The figure shows the basic principle. Each 2D image consists of a so-called in-line hologram. Spherical wavefronts emanate from a coherent light source and either pass right through the objects in the microfluidic device or are scattered and absorbed by them. What the CMOS sensor records is the interference pattern formed by the unaffected and affected wavefronts. The 2D image is reconstructed directly from the hologram (that is, the interference pattern) without the need to send a second reconstruction beam through the hologram, as is the case in standard “off-line” holography.

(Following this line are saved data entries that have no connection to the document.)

(* In every run of the algorithm described in the context, at every time and for every $i\in\{1,\dots,n\}$, the sequence $history_i[0..w\_sync_i[i]]$ is a prefix of the sequence $history_w[0..w\_sync_w[w]]$.
   Context: Model. There are $n$ asynchronous processes $p_1,\dots,p_n$, of which up to $t<n/2$ may crash; a process runs its algorithm correctly until it crashes. Each ordered pair of processes is linked by a reliable (no loss, corruption, duplication or creation), asynchronous, not necessarily FIFO channel. $p_w$ is the single writer, invoking writes sequentially; $v_0$ is the initial value. Messages: $\textsc{write}(b,v)$ with $b\in\{0,1\}$, which stands for the two types $\textsc{write0}(v)$ and $\textsc{write1}(v)$; $\textsc{read}()$; $\textsc{proceed}()$. Variables of $p_i$. These are: $history_i$ with $history_i[0]=v_0$; $w\_sync_i[1..n]$, initially all $0$; $r\_sync_i[1..n]$, initially all $0$. $\mathsf{write}(v)$ by $p_w$: $wsn\gets w\_sync_w[w]+1$; $w\_sync_w[w]\gets wsn$; $history_w[wsn]\gets v$. Send $\textsc{write}(wsn\bmod 2,v)$ to each $p_j$ with $w\_sync_w[j]=wsn-1$. Wait until at least $n-t$ indices $j$ have $w\_sync_w[j]=wsn$. Return. $\mathsf{read}()$ by $p_i$: $r\_sync_i[i]\gets r\_sync_i[i]+1$ and call the new value $rsn$. Send $\textsc{read}()$ to all $p_j$ with $j\ne i$. Wait until at least $n-t$ indices $j$ have $r\_sync_i[j]=rsn$. Let $sn\gets w\_sync_i[i]$. Wait until at least $n-t$ indices $j$ have $w\_sync_i[j]\ge sn$. Return $history_i[sn]$. On receipt of $\textsc{write}(b,v)$ from $p_j$ at $p_i$: Wait until $b=(w\_sync_i[j]+1)\bmod 2$. Let $wsn\gets w\_sync_i[j]+1$. If $wsn=w\_sync_i[i]+1$, then set $w\_sync_i[i]\gets wsn$ and $history_i[wsn]\gets v$, and send $\textsc{write}(wsn\bmod 2,v)$ to each $p_\ell$ with $w\_sync_i[\ell]=wsn-1$. Else, if $wsn<w\_sync_i[i]$, send $\textsc{write}((wsn+1)\bmod 2,history_i[wsn+1])$ to $p_j$. Finally set $w\_sync_i[j]\gets wsn$. On receipt of $\textsc{read}()$ from $p_j$ at $p_i$: Let $sn\gets w\_sync_i[i]$; wait until $w\_sync_i[j]\ge sn$; send $\textsc{proceed}()$ to $p_j$. On receipt of $\textsc{proceed}()$ from $p_j$ at $p_i$: $r\_sync_i[j]\gets r\_sync_i[j]+1$. Message handlers run concurrently; a waiting handler does not block the reception of other messages. *)

(* Operational (interleaving) model of the one-writer
   register algorithm of the context: crash-prone processes, reliable
   asynchronous non-FIFO channels (multiset of in-transit messages),
   concurrently waiting message handlers (executed atomically once their
   wait condition holds). *)
From mathcomp Require Import all_boot.
Set Implicit Arguments. Unset Strict Implicit. Unset Printing Implicit Defensive.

The 2D images are created in quick succession by a bank of LEDs arranged in a circular arc above the microfluidic device. A second round of reconstruction, called filtered back projection, is used to create a 3D image from the 2D images.

Because the UCLA system lacks magnification, its spatial resolution is ordinarily limited by the pixel size of the sensor, 2.2 μm. But finer resolution can be obtained thanks to a technique called pixel superresolution (PSR). Assuming that an object doesn’t change size or shape as it passes over a patch of pixels, you can use the signals recorded in the pixels to interpolate the object’s shape. If the object is stationary, rocking the light sources with electromagnetic actuation enables PSR to be applied.

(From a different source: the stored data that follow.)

(* Let $\Sigma\in\mathcal{G}_n$, let $Q_0$ be the unique regular rational orthogonal matrix with $Q_0^{\rm T}S(\Sigma)Q_0=S(\Sigma^{\rm T})$, with level $\ell_0$, and set $\bar Q_0=\ell_0Q_0$. Let $p$ be an odd prime with $p\nmid\ell_0$. Then, over $\mathbb{F}_p$: if $n$ is even, $\mathrm{rank}(\ell_0I-\bar Q_0)=\mathrm{rank}(\ell_0I+\bar Q_0)=\frac n2$; if $n$ is odd, $\mathrm{rank}(\ell_0I-\bar Q_0)=\frac{n-1}2$ and $\mathrm{rank}(\ell_0I+\bar Q_0)=\frac{n+1}2$.
   Context: An oriented graph on vertices $v_1,\dots,v_n$ is a simple graph with each edge directed; its skew-adjacency matrix $S(\Sigma)=(s_{ij})$ has $s_{ij}=1$ if $(v_i,v_j)$ is an arc, $-1$ if $(v_j,v_i)$ is an arc, $0$ otherwise. The converse $\Sigma^{\rm T}$ reverses every arc, so $S(\Sigma^{\rm T})=-S(\Sigma)$. With $e$ the all-one vector, $W(\Sigma)=[e,Se,\dots,S^{n-1}e]$, $S=S(\Sigma)$. $\mathcal{G}_n$ is the set of $n$-vertex oriented graphs with $2^{-\lfloor n/2\rfloor}\det W(\Sigma)$ an odd square-free integer. A rational orthogonal matrix $Q$ is regular if $Qe=e$; its level is the least positive integer $k$ with $kQ$ integral. Since $\det W(\Sigma)\neq0$, $Q_0$ exists and is unique. *)

From HB Require Import structures.
From mathcomp Require Import all_boot all_order all_algebra.
Set Implicit Arguments. Unset Strict Implicit. Unset Printing Implicit Defensive.
Import Order.TTheory GRing.Theory Num.Theory.
Local Open Scope ring_scope.

Definition oriented_graph (n : nat) (arc : rel 'I_n) : Prop :=
  forall i j : 'I_n, ~~ (arc i j && arc j i).

Definition skew_adj (n : nat) (arc : rel 'I_n) : 'M[int]_n :=
  \matrix_(i, j) (if arc i j then 1 else if arc j i then -1 else 0).

Definition ones (R : nzRingType) (n : nat) : 'cV[R]_n := const_mx 1.

Definition walk_mx (n : nat) (arc : rel 'I_n) : 'M[int]_n :=
  \matrix_(i, k) (iter k (mulmx (skew_adj arc)) (ones int n)) i 0.

Definition squarefree (m : nat) : bool :=
  [forall p : 'I_m.+1, prime p ==> ~~ (p ^ 2 %| m)%N].

Definition in_Gn (n : nat) (arc : rel 'I_n) : Prop :=
  exists m : int, \det (walk_mx arc) = (2 ^ n./2)%N%:Z * m
                  /\ odd `|m|%N /\ squarefree `|m|%N.

Definition regular_orthogonal (n : nat) (Q : 'M[rat]_n) : Prop :=
  Q *m Q^T = 1%:M /\ Q *m ones rat n = ones rat n.

Definition integral_mx (n : nat) (A : 'M[rat]_n) : bool :=
  [forall i, forall j, A i j \is a Num.int].

Definition is_level (n : nat) (Q : 'M[rat]_n) (l : nat) : Prop :=
  (0 < l)%N /\ integral_mx (l%:R *: Q) /\
  forall k : nat, (0 < k)%N -> (k < l)%N -> ~~ integral_mx (k%:R *: Q).

From HB Require Import structures.
From mathcomp Require Import all_boot all_order all_algebra.
From mathcomp Require Import zify.
Set Implicit Arguments. Unset Strict Implicit. Unset Printing Implicit Defensive.
Import Order.TTheory GRing.Theory Num.Theory.
Local Open Scope ring_scope.

(* Conjugation by Q0 negates S, so Q0 anticommutes with S and fixes e, whence
   Q0 S^k e = (-1)^k S^k e.  The walk matrix W = [e, Se, ..., S^(n-1) e] is
   invertible because det W <> 0, so W diagonalises Q0, with eigenvalue -1 on the
   n/2 odd columns and +1 on the remaining uphalf n ones.  Over Q this bounds
   rank (l0 I - Qbar0) by n/2 and rank (l0 I + Qbar0) by uphalf n, and reducing an
   integer matrix mod p can only lower its rank.  Conversely the two matrices add
   up to 2 l0 I, which is invertible mod p, so their ranks sum to at least n and
   both bounds are attained. *)

Definition krylov_mx (R : pzSemiRingType) n (A : 'M[R]_n) (v : 'cV[R]_n) : 'M[R]_n :=
  \matrix_(i, k) (iter k (mulmx A) v) i 0.

Lemma col_krylov_mx (R : pzSemiRingType) n (A : 'M[R]_n) v (k : 'I_n) :
  col k (krylov_mx A v) = iter k (mulmx A) v.
Proof. by apply/colP => i; rewrite !mxE. Qed.

Lemma map_krylov_mx (R S : pzRingType) (f : {rmorphism R -> S}) n (A : 'M[R]_n) v :
  map_mx f (krylov_mx A v) = krylov_mx (map_mx f A) (map_mx f v).
Proof.
have map_iter k : map_mx f (iter k (mulmx A) v) = iter k (mulmx (map_mx f A)) (map_mx f v).
  by elim: k => //= k <-; rewrite map_mxM.
by apply/matrixP => i k; rewrite !mxE -map_iter mxE.
Qed.

Lemma mulmx_eigencols (R : comPzSemiRingType) m n (M : 'M[R]_m) (W : 'M[R]_(m, n))
    (d : 'rV[R]_n) :
  (forall k, M *m col k W = d 0 k *: col k W) -> M *m W = W *m diag_mx d.
Proof.
move=> eigW; apply/matrixP => i k; have /matrixP/(_ i 0) := eigW k.
rewrite mul_mx_diag !mxE mulrC => <-.
by apply: eq_bigr => j _; rewrite !mxE.
Qed.

Lemma mxrank_le_nonzero_rows (F : fieldType) m n (M : 'M[F]_(m, n)) :
  (\rank M <= #|[pred i | (row i M != 0)%R]|)%N.
Proof.
set I := [pred i | _]; pose N := rowsub (@enum_val _ (mem I)) M.
have sMN : (M <= N)%MS.
  apply/row_subP => i; have [-> | nz_i] := eqVneq (row i M) 0; first exact: sub0mx.
  have Ii : i \in I := nz_i.
  by rewrite -(enum_rankK_in Ii Ii) -row_rowsub row_sub.
exact: leq_trans (mxrankS sMN) (rank_leq_row N).
Qed.

Lemma mxrank_diag_mx_le (F : fieldType) n (d : 'rV[F]_n) :
  (\rank (diag_mx d) <= #|[pred k | (d 0 k != 0)%R]|)%N.
Proof.
apply: leq_trans (mxrank_le_nonzero_rows _) _; apply/eq_leq/eq_card => k.
have nz_e : 'e_k != 0 :> 'rV[F]_n.
  by apply/eqP => /matrixP/(_ 0 k); rewrite !mxE !eqxx; apply/eqP/oner_neq0.
by rewrite !inE row_diag_mx scaler_eq0 negb_or nz_e andbT.
Qed.

Lemma card_odd_ord n : #|[pred k : 'I_n | odd k]| = n./2.
Proof.
rewrite -sum1_card big_mkcond /=.
elim: n => [|n IHn]; first by rewrite big_ord0.
by rewrite big_ord_recr /= IHn uphalf_half inE addnC; case: (odd n).
Qed.

Lemma card_even_ord n : #|[pred k : 'I_n | ~~ odd k]| = uphalf n.
Proof.
have := cardC [pred k : 'I_n | odd k]; rewrite card_ord card_odd_ord.
have -> : #|[pred k : 'I_n | ~~ odd k]| = #|[predC [pred k : 'I_n | odd k]]| by apply: eq_card.
have := odd_double_half n; rewrite uphalf_half; lia.
Qed.

Section AnticommutingKrylov.

Variables (R : comPzRingType) (n : nat) (Q A : 'M[R]_n) (v : 'cV[R]_n).
Hypotheses (QA : Q *m A = - (A *m Q)) (Qv : Q *m v = v).

Lemma mulmx_iter_anticomm k : Q *m iter k (mulmx A) v = (-1) ^+ k *: iter k (mulmx A) v.
Proof.
elim: k => [|k IHk] /=; first by rewrite scale1r.
by rewrite mulmxA QA mulNmx -mulmxA IHk -scalemxAr exprS mulN1r scaleNr.
Qed.

Lemma mulmx_krylov_anticomm (s : R) :
  (1%:M + s *: Q) *m krylov_mx A v = krylov_mx A v *m diag_mx (\row_k (1 + s * (-1) ^+ k)).
Proof.
apply: mulmx_eigencols => k; rewrite col_krylov_mx mxE mulmxDl mul1mx -scalemxAl.
by rewrite mulmx_iter_anticomm scalerA scalerDl scale1r.
Qed.

End AnticommutingKrylov.

Section AnticommutingKrylovRank.

Variables (F : fieldType) (n : nat) (Q A : 'M[F]_n) (v : 'cV[F]_n).
Hypotheses (QA : Q *m A = - (A *m Q)) (Qv : Q *m v = v)
  (unit_krylov : krylov_mx A v \in unitmx).

Lemma mxrank_add_scale_anticomm (s : F) :
  (\rank (1%:M + s *: Q)%R <= #|[pred k : 'I_n | (1 + s * (-1) ^+ k != 0)%R]|)%N.
Proof.
rewrite -(mxrankMfree _ (_ : row_free (krylov_mx A v))) ?row_free_unit //.
rewrite mulmx_krylov_anticomm //; apply: leq_trans (mxrankM_maxr _ _) _.
by apply: leq_trans (mxrank_diag_mx_le _) (eq_leq (eq_card _)) => k; rewrite !inE mxE.
Qed.

Lemma mxrank_sub_anticomm : (\rank (1%:M - Q)%R <= n./2)%N.
Proof.
rewrite -card_odd_ord -scaleN1r.
apply: leq_trans (mxrank_add_scale_anticomm _) (subset_leq_card _).
by apply/subsetP => k; rewrite !inE mulN1r -signr_odd; case: odd; rewrite ?subrr ?eqxx.
Qed.

Lemma mxrank_add_anticomm : (\rank (1%:M + Q)%R <= uphalf n)%N.
Proof.
rewrite -card_even_ord -[Q]scale1r.
apply: leq_trans (mxrank_add_scale_anticomm _) (subset_leq_card _).
by apply/subsetP => k; rewrite !inE mul1r -signr_odd; case: odd; rewrite ?subrr ?eqxx.
Qed.

End AnticommutingKrylovRank.

Lemma mxrank_map_intr_le (F : fieldType) (K : numFieldType) m n (A : 'M[int]_(m, n)) :
  (\rank (map_mx intr A : 'M[F]_(m, n)) <= \rank (map_mx intr A : 'M[K]_(m, n)))%N.
Proof.
(* A maximal nonsingular minor over F has an integer determinant, nonzero in F
   and hence nonzero in K. *)
set AF := map_mx intr A; pose rows := maxrankfun AF.
have full_rows : row_full (rowsub rows AF)^T.
  by rewrite /row_full mxrank_tr; apply: maxrowsub_free.
pose cols := fullrankfun full_rows; pose B := rowsub cols (rowsub rows A)^T.
have map_B (S : pzRingType) :
    map_mx (intr : int -> S) B = rowsub cols (rowsub rows (map_mx intr A))^T.
  by apply/matrixP => i j; rewrite !mxE.
have detB_neq0 : \det B != 0.
  have := fullrowsub_unit full_rows; rewrite -map_B unitmxE det_map_mx unitfE.
  by apply: contraNneq => ->; rewrite rmorph0.
have unitBK : map_mx (intr : int -> K) B \in unitmx.
  by rewrite unitmxE det_map_mx unitfE intr_eq0.
rewrite -(mxrank_unit unitBK) map_B; apply: leq_trans (mxrankS (rowsub_sub _ _)) _.
by rewrite mxrank_tr mxrankS // rowsub_sub.
Qed.

Lemma mxrank_map_intr_scale_le (F : fieldType) m n (M : 'M[int]_(m, n)) (c : rat)
    (N : 'M[rat]_(m, n)) :
  c != 0 -> map_mx intr M = c *: N -> (\rank (map_mx intr M : 'M[F]_(m, n)) <= \rank N)%N.
Proof.
move=> c_neq0 MN; rewrite -(mxrank_scale_nz N c_neq0) -MN.
exact: (mxrank_map_intr_le F rat).
Qed.

Lemma mxrank_add_unit_geq (F : fieldType) n (A B : 'M[F]_n) :
  A + B \in unitmx -> (n <= \rank A + \rank B)%N.
Proof. by move=> /mxrank_unit {1}<-; apply: mxrank_add. Qed.

Lemma orthomx_conj_opp_anticomm (R : pzRingType) n (Q A : 'M[R]_n) :
  Q *m Q^T = 1%:M -> Q^T *m A *m Q = - A -> Q *m A = - (A *m Q).
Proof.
move=> QQt conjA; have := congr1 (mulmx Q) conjA.
by rewrite !mulmxA QQt mul1mx mulmxN => ->; rewrite opprK.
Qed.

Lemma in_Gn_det_walk_mx_neq0 n (arc : rel 'I_n) : in_Gn arc -> \det (walk_mx arc) != 0.
Proof.
move=> [m [-> [odd_m _]]]; rewrite mulf_eq0 negb_or eqz_nat expn_eq0 /=.
by apply: contraTneq odd_m => ->.
Qed.

Theorem lemma3p7 (n : nat) (arc : rel 'I_n) (Q0 : 'M[rat]_n) (l0 : nat)
    (Qbar0 : 'M[int]_n) (p : nat) :
  oriented_graph arc -> in_Gn arc ->
  regular_orthogonal Q0 ->
  Q0^T *m map_mx intr (skew_adj arc) *m Q0 = - map_mx intr (skew_adj arc) ->
  is_level Q0 l0 ->
  map_mx intr Qbar0 = l0%:R *: Q0 ->
  prime p -> odd p -> ~~ (p %| l0)%N ->
  let Qp := map_mx (fun z : int => z%:~R : 'F_p) Qbar0 in
  let lp := (l0%:R : 'F_p)%:M : 'M['F_p]_n in
  if ~~ odd n then
    \rank (lp - Qp)%R = n./2 /\ \rank (lp + Qp)%R = n./2
  else
    \rank (lp - Qp)%R = (n - 1)./2 /\ \rank (lp + Qp)%R = (n + 1)./2.
Proof.
move=> _ Gn_arc [QQt Qe] conjS [l0_gt0 _] Qbar0E p_prime p_odd p_ndvd_l0 Qp lp.
set S := map_mx intr (skew_adj arc) in conjS.
have QS := orthomx_conj_opp_anticomm QQt conjS.
have unitW : krylov_mx S (ones rat n) \in unitmx.
  have -> : ones rat n = map_mx intr (ones int n) by rewrite map_const_mx rmorph1.
  rewrite -map_krylov_mx unitmxE det_map_mx unitfE.
  by rewrite intr_eq0 in_Gn_det_walk_mx_neq0.
have l0_neq0 : l0%:R != 0 :> rat by rewrite pnatr_eq0 -lt0n.
have rk_sub : (\rank (lp - Qp)%R <= n./2)%N.
  apply: leq_trans (mxrank_sub_anticomm QS Qe unitW).
  have -> : lp - Qp = map_mx intr ((l0%:Z)%:M - Qbar0) by rewrite map_mxB map_scalar_mx.
  apply: mxrank_map_intr_scale_le l0_neq0 _.
  by rewrite map_mxB map_scalar_mx Qbar0E scalerBr scalemx1.
have rk_add : (\rank (lp + Qp)%R <= uphalf n)%N.
  apply: leq_trans (mxrank_add_anticomm QS Qe unitW).
  have -> : lp + Qp = map_mx intr ((l0%:Z)%:M + Qbar0) by rewrite map_mxD map_scalar_mx.
  apply: mxrank_map_intr_scale_le l0_neq0 _.
  by rewrite map_mxD map_scalar_mx Qbar0E scalerDr scalemx1.
have rk_sum : (n <= \rank (lp - Qp)%R + \rank (lp + Qp)%R)%N.
  apply: mxrank_add_unit_geq; rewrite addrACA addNr addr0 -raddfD /=.
  rewrite unitmxE det_scalar unitfE expf_neq0 // -natrD addnn.
  rewrite -(dvdn_pcharf (pchar_Fp p_prime)) -muln2 Euclid_dvdM // negb_or p_ndvd_l0.
  by rewrite dvdn_prime2 //; apply: contraL p_odd => /eqP ->.
have := uphalf_half n; have := odd_double_half n.
by case: (odd n) => /= ? ?; split; lia.
Qed.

Using PSR, Isikman, Ozcan, and their colleagues have obtained a resolution of less than 1 μm. That’s comparable to the resolution of an optical microscope, but it’s achieved over a bigger field of view (about 100 times as wide as an optical microscope at ×40 magnification). Despite its significantly enlarged field of view, the lensless tomographic microscope can fit in a small volume of 96 × 89 × 40 mm, and weighs only about 110 grams.

In his talk, Isikman reported results of imaging two microorganisms, the nematode worm and model invertebrate Caenorhabditis elegans and the eggs of the dwarf tapeworm Hymenolepis nana.

The lensfree tomography and computational microscopy work of Ozcan’s bio-photonics lab has yielded several patent applications over the last few years. They’re licensed by Holomic LLC , a startup based in Los Angeles.